To attain the desired signal penetration energy, an acoustic or concussive signal must be substantial. There are no known substitutes for acoustics in the seismic field. Relying solely on magnetic and gravity measurements, despite the substantial technical progress made in these two technologies, would push drilling risks back into the era of 2-D seismic. Another alternative, electromagnetics, does not produce sufficient signal penetration or speed differentiation to evaluate geological formations or contents.

One measure considered by surveyors, in order to scare off potential victims, is to generate low-energy acoustic signals on startup and periodically as a seismic vessel transits one part of the survey range to another. It represents an extra cost, but a modest one compared with a change of technology.

The seismic sector should continue to push for evidence of linkage between mammal injury or disorientation and acoustic signals. However, as in other things that enter the regulatory realm, physical evidence might not be necessary. The seismic sector may want to consider its collective position if the issue goes global, and if significant political and public support adheres to Greenpeace in this dispute.

Canada's Atlantic plan

Decades ago, Newfoundland was the gateway to North America and the center of the North Atlantic fishing industry. Virtually all trans-Atlantic flights stopped in Gander for re-fueling. The nearby Grand Banks was the most prolific fishing region in the world. The advent of large jet aircraft brought re-fueling operations to a stop, and fish populations offshore collapsed. The Canadian government, in an effort to assist Newfoundland with severe unemployment and poor industry prospects, stepped in and supported the Hibernia platform field development.
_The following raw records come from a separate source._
(* Consider the two matrix ODEs \[ \text{(A)}\quad \dot E=-G_\varepsilon(E)+\langle G_\varepsilon(E),E\rangle E, \] \[ \text{(B)}\quad \dot Y=-P_YR_\varepsilon(E)+\langle P_YR_\varepsilon(E),E\rangle Y,\qquad E=\Pi_{\mathcal{S}}Y . \] 1. Let $E_\star\in\mathcal{E}_1$ be a stationary point of (A). Assume that $\lambda_k$ and $\lambda_{k+1}$ of $L(W+\varepsilon E_\star)$ are simple, that $G_\varepsilon(E_\star)\neq0$, and that $R_\varepsilon(E_\star)$ has rank $4$. Then there is a symmetric matrix $Y_\star\in\mathcal{M}_4$ with $E_\star=\Pi_{\mathcal{S}}Y_\star$ that is a stationary point of (B). 2. Conversely, let $Y_\star\in\mathcal{M}_4$ be a symmetric stationary point of (B), and set $E_\star=\Pi_{\mathcal{S}}Y_\star$ and $R_\star=R_\varepsilon(E_\star)$. Assume that $\|E_\star\|_F=1$, that $\lambda_k$ and $\lambda_{k+1}$ of $L(W+\varepsilon E_\star)$ are simple, that $R_\star$ has rank $4$, and that $P_{Y_\star}R_\star\neq0$. Then: - $P_{Y_\star}R_\star=R_\star$; - $Y_\star$ is a nonzero real multiple of $R_\star$; - $E_\star$ is a stationary point of (A).
   Context: A stationary point of an ODE $\dot X=f(X)$ is a point where $f(X)=0$. Let $\mathscr{E}\subseteq\{1,\dots,n\}^2$ be a symmetric edge set, and let $W\in\mathbb{R}^{n\times n}$ be symmetric, entrywise non-negative, with $w_{ij}=0$ for $(i,j)\notin\mathscr{E}$. Let $L(A)=\mathrm{diag}(A\mathbb{1})-A$ with $\mathbb{1}=(1,\dots,1)^T$. Eigenvalues are ordered $\lambda_1\le\dots\le\lambda_n$. The inner product is $\langle X,Y\rangle=\mathrm{trace}(X^TY)$ and $\|\cdot\|_F$ is the Frobenius norm. Let $\mathcal{S}=\{A: a_{ij}=0\ \forall (i,j)\notin\mathscr{E}\}$, with orthogonal projection $\Pi_{\mathcal{S}}$ (zeroing the entries outside $\mathscr{E}$). Let $\mathcal{E}=\mathcal{S}\cap\mathrm{Sym}(\mathbb{R}^{n\times n})$ and $\mathcal{E}_1=\{E\in\mathcal{E}:\|E\|_F=1\}$. Fix $k\in\{2,\dots,n-1\}$ and $\varepsilon>0$. For $E\in\mathcal{E}$ with $\lambda_k,\lambda_{k+1}$ of $L(W+\varepsilon E)$ simple, define the following objects. - $x$ and $y$ are unit eigenvectors for $\lambda_{k+1}$ and $\lambda_k$ respectively. - $z=x\bullet x-y\bullet y$, the componentwise product. - $R_\varepsilon(E)=\tfrac12(z\mathbb{1}^T+\mathbb{1}z^T)-xx^T+yy^T$. - $G_\varepsilon(E)=\Pi_{\mathcal{S}}R_\varepsilon(E)$. $\mathcal{M}_4$ is the manifold of real $n\times n$ matrices of rank exactly 4. $P_Y$ is the orthogonal projection onto $T_Y\mathcal{M}_4$. For symmetric $Y=USU^T$, with $U\in\mathbb{R}^{n\times4}$ having orthonormal columns and $S$ symmetric invertible, it is $P_YA=A-(I_n-UU^T)A(I_n-UU^T)$. *)

From HB Require Import structures.
From mathcomp Require Import all_boot all_order all_algebra reals.
From Stdlib Require Import ClassicalEpsilon.
Set Implicit Arguments.
Unset Strict Implicit.
Unset Printing Implicit Defensive.
Import Order.TTheory GRing.Theory Num.Theory.
Local Open Scope ring_scope.

Section Defs.
Variables (R : realType) (n : nat).

Definition frob_inner (X Y : 'M[R]_n) : R := \tr (X^T *m Y).
Definition frob_norm (X : 'M[R]_n) : R := Num.sqrt (frob_inner X X).

Definition laplacian (A : 'M[R]_n) : 'M[R]_n :=
  \matrix_(i, j) ((i == j)%:R * (\sum_l A i l)) - A.

Definition PiS (Ed : {set 'I_n * 'I_n}) (A : 'M[R]_n) : 'M[R]_n :=
  \matrix_(i, j) (if (i, j) \in Ed then A i j else 0).

Definition in_calE (Ed : {set 'I_n * 'I_n}) (E : 'M[R]_n) : Prop :=
  E^T = E /\ (forall i j, (i, j) \notin Ed -> E i j = 0).
Definition in_calE1 (Ed : {set 'I_n * 'I_n}) (E : 'M[R]_n) : Prop :=
  in_calE Ed E /\ frob_norm E = 1.

Definition is_sorted_spectrum (A : 'M[R]_n) (s : seq R) : Prop :=
  sorted <=%R s /\ char_poly A = \prod_(a <- s) ('X - a%:P).

(* The sorted eigenvalue list (exists and is unique for symmetric A). *)
Definition spectrum (A : 'M[R]_n) : seq R :=
  epsilon (inhabits [::]) (is_sorted_spectrum A).

(* lambda_j(A), 1-indexed: lambda_1 <= ... <= lambda_n. *)
Definition eigval (A : 'M[R]_n) (j : nat) : R := (spectrum A)`_(j.-1).

Definition simple_eig (A : 'M[R]_n) (j : nat) : Prop :=
  count_mem (eigval A j) (spectrum A) = 1%N.

Definition unit_eigvec (A : 'M[R]_n) (a : R) : 'cV[R]_n :=
  epsilon (inhabits 0)
    (fun v : 'cV[R]_n => A *m v = a *: v /\ \sum_i v i 0 ^+ 2 = 1).

Variables (W : 'M[R]_n) (eps : R) (k : nat).

Definition Reps (E : 'M[R]_n) : 'M[R]_n :=
  let A := laplacian (W + eps *: E) in
  let x := unit_eigvec A (eigval A k.+1) in
  let y := unit_eigvec A (eigval A k) in
  let z := fun i => x i 0 ^+ 2 - y i 0 ^+ 2 in
  \matrix_(i, j) ((z i + z j) / 2) - x *m x^T + y *m y^T.

Definition Geps (Ed : {set 'I_n * 'I_n}) (E : 'M[R]_n) : 'M[R]_n :=
  PiS Ed (Reps E).

(* Projection onto the tangent space T_Y M_4 for symmetric Y = U S U^T. *)
Definition tan_factor (Y : 'M[R]_n) : 'M[R]_(n, 4) :=
  epsilon (inhabits 0)
    (fun U : 'M[R]_(n, 4) => U^T *m U = 1%:M /\
       exists S : 'M[R]_4, S^T = S /\ S \in unitmx /\ Y = U *m S *m U^T).

Definition PY (Y A : 'M[R]_n) : 'M[R]_n :=
  let U := tan_factor Y in
  A - (1%:M - U *m U^T) *m A *m (1%:M - U *m U^T).

Definition fieldA (Ed : {set 'I_n * 'I_n}) (E : 'M[R]_n) : 'M[R]_n :=
  - Geps Ed E + frob_inner (Geps Ed E) E *: E.

Definition fieldB (Ed : {set 'I_n * 'I_n}) (Y : 'M[R]_n) : 'M[R]_n :=
  let E := PiS Ed Y in
  - PY Y (Reps E) + frob_inner (PY Y (Reps E)) E *: Y.

Definition stationaryA (Ed : {set 'I_n * 'I_n}) (E : 'M[R]_n) : Prop :=
  fieldA Ed E = 0.
Definition stationaryB (Ed : {set 'I_n * 'I_n}) (Y : 'M[R]_n) : Prop :=
  fieldB Ed Y = 0.

End Defs.

(* Write R := R_eps(E), G := Pi_S R, and Q := I - U U^T for a symmetric
   rank-4 matrix Y = U S U^T, so that P_Y A = A - Q A Q, Q is idempotent and
   Q Y = Y Q = 0.  Stationarity of (A) says G = <G,E> E, stationarity of (B)
   says P_Y R = <P_Y R, E> Y.
   (1) From a stationary E of (A) with a := <G,E> <> 0, take Y := a^-1 R:
       it is symmetric of rank 4, Pi_S Y = a^-1 G = E, and since Q R = 0 the
       projection fixes R, so (B) vanishes at Y.
   (2) From a stationary Y of (B), P := P_Y R is a nonzero multiple of Y, so
       Q P = P Q = 0; a projection whose image has full rank 4 = rank R is
       the identity on R (lemma [compl_proj_full_rank]), so P = R, Y is a
       multiple of R and E = Pi_S Y is the matching multiple of G. *)
From HB Require Import structures.
From mathcomp Require Import all_boot all_order all_algebra reals.
From Stdlib Require Import ClassicalEpsilon.
Import Order.TTheory GRing.Theory Num.Theory.
Local Open Scope ring_scope.
Set Implicit Arguments.
Unset Strict Implicit.

Section GramSchmidt.
Variables (F : rcfType) (n : nat).

Lemma row_sqnorm_gt0 (w : 'rV[F]_n) : w != 0 -> 0 < (w *m w^T) 0 0.
Proof.
move=> wn0; have -> : (w *m w^T) 0 0 = \sum_j w 0 j ^+ 2.
  by rewrite !mxE; apply: eq_bigr => j _; rewrite !mxE expr2.
rewrite lt_def sumr_ge0 ?andbT => [|j _]; last exact: sqr_ge0.
apply: contra wn0 => /eqP/psumr_eq0P sum0; apply/eqP/matrixP => i j.
rewrite (ord1 i) [RHS]mxE; apply/eqP; rewrite -sqrf_eq0; apply/eqP.
by apply: sum0 => // l _; exact: sqr_ge0.
Qed.

Lemma orthonormal_extend r (a : 'rV[F]_n) (B1 : 'M[F]_(r, n)) :
  B1 *m B1^T = 1%:M ->
  exists r' (B : 'M[F]_(r', n)), B *m B^T = 1%:M /\ (B == a + B1)%MS.
Proof.
move=> B1on; pose w := a - a *m B1^T *m B1.
have a_dec : a = w + a *m B1^T *m B1 by rewrite subrK.
have B1w : B1 *m w^T = 0.
  by rewrite linearB /= !trmx_mul trmxK mulmxBr !mulmxA B1on mul1mx subrr.
have proj_sub : (a *m B1^T *m B1 <= a + B1)%MS.
  exact: submx_trans (submxMl _ _) (addsmxSr _ _).
have [w0|wn0] := eqVneq w 0.
  exists r, B1; split => //; rewrite /eqmx addsmxSr addsmx_sub submx_refl andbT.
  by rewrite a_dec w0 add0r submxMl.
pose s := Num.sqrt ((w *m w^T) 0 0).
have s0 : s != 0 by rewrite sqrtr_eq0 -ltNge row_sqnorm_gt0.
pose b := s^-1 *: w.
have B1b : B1 *m b^T = 0 by rewrite linearZ /= -scalemxAr B1w scaler0.
exists (1 + r)%N, (col_mx b B1); split.
  rewrite tr_col_mx mul_col_row B1on B1b (scalar_mx_block 1 r).
  have -> : b *m B1^T = 0 by rewrite -[b *m _]trmxK trmx_mul trmxK B1b linear0.
  congr block_mx; apply/matrixP => i j; rewrite (ord1 i) (ord1 j) /b.
  rewrite linearZ /= -scalemxAr -scalemxAl scalerA mxE [RHS]mxE /=.
  by rewrite -invfM -expr2 sqr_sqrtr ?mulVf ?gt_eqF ?ltW ?row_sqnorm_gt0.
have /andP[bC B1C] : (b <= col_mx b B1)%MS && (B1 <= col_mx b B1)%MS.
  by rewrite -col_mx_sub submx_refl.
rewrite /eqmx col_mx_sub addsmx_sub B1C addsmxSr /= !andbT; apply/andP; split.
  by rewrite scalemx_sub // addmx_sub ?addsmxSl // -scaleN1r scalemx_sub.
have -> : a = s *: b + a *m B1^T *m B1.
  by rewrite /b scalerA mulfV // scale1r subrK.
apply: addmx_sub; first exact: scalemx_sub bC.
exact: submx_trans (submxMl _ _) B1C.
Qed.

Lemma orthonormal_basis m (A : 'M[F]_(m, n)) :
  exists r (B : 'M[F]_(r, n)), B *m B^T = 1%:M /\ (B == A)%MS.
Proof.
elim: m A => [|m IH] A.
  exists 0%N, 0; split; first by apply/matrixP => [[]].
  by rewrite (flatmx0 A) /eqmx !sub0mx.
have [r [B1 [B1on /eqmxP eB1]]] := IH (dsubmx (A : 'M_(1 + m, n))).
have [r' [B [Bon /eqmxP eB]]] :=
  orthonormal_extend (usubmx (A : 'M_(1 + m, n))) B1on.
exists r', B; split => //; apply/eqmxP.
apply: eqmx_trans eB (eqmx_trans (adds_eqmx (eqmx_refl _) eB1) _).
by apply: eqmx_trans (addsmxE _ _) _; rewrite vsubmxK.
Qed.

(* A symmetric matrix of rank r factors as U S U^T with U^T U = I_r and
   S symmetric invertible; this is the existence claim behind [tan_factor]. *)
Lemma sym_orthonormal_factor r (Y : 'M[F]_n) : Y^T = Y -> \rank Y = r ->
  exists U : 'M[F]_(n, r), U^T *m U = 1%:M /\
    exists S : 'M[F]_r, S^T = S /\ S \in unitmx /\ Y = U *m S *m U^T.
Proof.
move=> Ysym Yrank; have [r' [B [Bon eBY]]] := orthonormal_basis Y.
have rB : \rank B = r'.
  apply/eqP; rewrite eqn_leq rank_leq_row /=.
  by rewrite -{1}(mxrank1 F r') -Bon mxrankM_maxl.
have r'r : r' = r by rewrite -Yrank -(eqmx_rank eBY) rB.
subst r'.
have YBB : Y *m B^T *m B = Y.
  have /andP[_ sYB] := eBY.
  have := mulmxKpV sYB; move: (Y *m pinvmx B) => X <-.
  by rewrite -(mulmxA X B) Bon mulmx1.
have BBY : B^T *m B *m Y = Y.
  by rewrite -{2}Ysym -{2}YBB !trmx_mul trmxK Ysym mulmxA.
have Yfac : Y = B^T *m (B *m Y *m B^T) *m B by rewrite !mulmxA BBY YBB.
exists B^T; rewrite trmxK; split => //.
exists (B *m Y *m B^T); split; last split.
- by rewrite !trmx_mul trmxK Ysym mulmxA.
- rewrite -row_free_unit /row_free; apply/eqP/anti_leq.
  rewrite rank_leq_row /= -[X in (X <= _)%N]Yrank {1}Yfac.
  exact: leq_trans (mxrankM_maxl _ _) (mxrankM_maxr _ _).
- exact: Yfac.
Qed.

End GramSchmidt.

Section ComplementProjection.
Variables (F : fieldType) (n : nat) (Q : 'M[F]_n).

Lemma compl_proj_fixed (A : 'M[F]_n) : Q *m A = 0 -> A - Q *m A *m Q = A.
Proof. by move=> QA; rewrite QA mul0mx subr0. Qed.

(* For an idempotent Q, if P := A - Q A Q is annihilated by Q on both sides
   and has the rank of A, then P = A: Q P = 0 gives P = (I - Q) A, so the
   row space of P lies in that of A, hence equals it, and then P Q = 0
   forces A Q = 0. *)
Lemma compl_proj_full_rank (A : 'M[F]_n) : Q *m Q = Q ->
  let P := A - Q *m A *m Q in
  Q *m P = 0 -> P *m Q = 0 -> \rank P = \rank A -> P = A.
Proof.
move=> QQ P QP PQ rankP.
have QAQ : Q *m A = Q *m A *m Q.
  by move: QP; rewrite mulmxBr !mulmxA QQ => /eqP; rewrite subr_eq0 => /eqP.
have sPA : (P <= A)%MS by rewrite /P -QAQ -{1}[A]mul1mx -mulmxBl submxMl.
have /andP[_ sAP] : (P == A)%MS by rewrite -(mxrank_leqif_eq sPA).2 rankP.
have AQ : A *m Q = 0.
  have := mulmxKpV sAP; move: (A *m pinvmx P) => X <-.
  by rewrite -mulmxA PQ mulmx0.
by rewrite /P -mulmxA AQ mulmx0 subr0.
Qed.

End ComplementProjection.

Section ModelFacts.
Variables (R : realType) (n : nat).

Definition tan_compl (Y : 'M[R]_n) : 'M[R]_n :=
  1%:M - tan_factor Y *m (tan_factor Y)^T.

Lemma PYE (Y A : 'M[R]_n) : PY Y A = A - tan_compl Y *m A *m tan_compl Y.
Proof. by []. Qed.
Today, even though unemployment remains high, the investment is proving worthwhile. Higher oil prices will provide a return for investors, other fields nearby are made commercial by Hibernia's proximity, and a modest petroleum industry infrastructure is now in place.
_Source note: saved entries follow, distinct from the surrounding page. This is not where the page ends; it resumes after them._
Lemma pi_down_avoid w : ~ has_J231 J (pi_down w).
Proof.
case/has_J231E => i [j [k [sep dij dik]]]; have /and4P [ij jk _ _] := sep.
have /(tclosure_split (@key_inv_oriented w)) : tclosure (key_inv w) i k.
  by rewrite -inv_pi_down /inv_rel (ltn_trans ij jk) dik ltnSn.
case=> [Kik|[l Kil Klk]].
  have /key_invP [_ H] := Kik.
  have Kij : key_inv w i j.
    by apply: key_inv_shrink Kik _ (ltnW jk); rewrite /inv_rel ij H.
  by case/andP: (key_inv_pi_down Kij) => _; rewrite ltnNge (ltnW dij).
move: Kil Klk; rewrite -!inv_pi_down => /andP [_ dli] /andP [_ dkl].
by move: dli dkl; rewrite dik; lia.
Qed.

(* By induction on v: were the value v at a position left of i, it would form a
   (J,231)-pattern with j and the position of v - 1. *)
Lemma J231_free_values_right a i j k :
  ~ has_J231 J a -> separated i j k -> a i < a j ->
  ~~ [exists l : 'I_n, (i < l < k) && (a k < a l < a i)] ->
  forall v : 'I_n, a k <= v < a i -> k <= (a^-1)%g v.
Proof.
move=> nJ sep aij nl v /andP [kv vi].
have [m vm] : exists m, v = a k + m :> nat by exists (v - a k); rewrite subnKC.
elim: m v vi {kv} vm => [|m IHm] v vi vm.
  have -> : v = a k by apply: val_inj => /=; rewrite vm addn0.
  by rewrite permK.
have v'n : a k + m < n by have := ltn_ord v; lia.
have kq : k <= (a^-1)%g (Ordinal v'n) by apply: IHm => //=; rewrite -addnS -vm ltnW.
have ap : a ((a^-1)%g v) = v by rewrite permKV.
set p := (a^-1)%g v in ap *.
have [pi|ip|/val_inj ep] := ltngtP p i; last by move: vi; rewrite -ap ep ltnn.
  case: nJ; apply/has_J231E; exists p, j, ((a^-1)%g (Ordinal v'n)); split.
  - exact: separated_widen (ltnW pi) kq sep.
  - by rewrite ap (ltn_trans vi aij).
  - by rewrite /= ap permKV vm addnS.
have [pk|/ltnW //|/val_inj pk] := ltngtP p k; last by move: vm; rewrite -ap pk; lia.
case/negP: nl; apply/existsP; exists p; rewrite ip pk ap vi andbT /=; lia.
Qed.

Lemma J231_free_between a i j k :
  ~ has_J231 J a -> separated i j k -> a k < a i < a j ->
  exists2 l : 'I_n, i < l < k & a k < a l < a i.
Proof.
move=> nJ sep /andP [aki aij].
have [/existsP [l /andP [ilk akli]]|nl] :=
  boolP [exists l : 'I_n, (i < l < k) && (a k < a l < a i)]; first by exists l.
have vn : (a i).-1 < n by have := ltn_ord (a i); lia.
have kq := J231_free_values_right nJ sep aij nl (v := Ordinal vn).
have /kq {}kq : a k <= (a i).-1 < a i by apply/andP; split; lia.
case: nJ; apply/has_J231E; exists i, j, ((a^-1)%g (Ordinal vn)); split=> //.
  exact: separated_widen (leqnn i) kq sep.
by rewrite permKV /=; lia.
Qed.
The Canadian government needs to turn its attention to the gas end of the equation on the Grand Banks. Sable Island gas off Nova Scotia, now being developed by commercial interests, comprises only a portion of potential Atlantic gas reserves.

If gas injection is feasible for discoveries, or commercial gas-to-liquids conversion materializes soon, then the problem is solved. If not, then Canada must devise a plan to prevent stranding of associated reserves on the Grand Banks and limiting development opportunities. Also, Canada should consider eliminating capacity constraints on proposed gas trunklines onshore and whether these might limit future development. While planned throughput seems to exceed market demand now, gas fields deplete quickly.

The challenges of producing through pipelines crossing the Grand Banks are huge. Much of the seafloor is hard rock, and what is not is criss-crossed by iceberg gouges. The hard rock transit areas pose the greatest hurdle, since a pipeline would probably have to be trenched. Such an undertaking would be expensive, and trench grinding equipment does not yet exist. Once installed in rock, however, the shoulders of the trench would protect a pipeline from iceberg keels and anchors pulled across the seafloor. Only a seismic event or a direct hit from above would impact a rock-trenched pipeline.

Pipeline transit in soft seafloor areas to the west and south of the Grand Banks where ice gouges are present might require a 15-ft burial depth, but a shallower burial could be risk-efficient if maximum depth gouges are rare. Unless the gouges are recent, deeper areas down-current of shallower shelf areas would need only anchor protection.

The Canadian government needs to continue what it started with Hibernia by further enlarging the opportunities for Grand Banks oil and gas prospects. Development of a gas network there is a key to that expansion.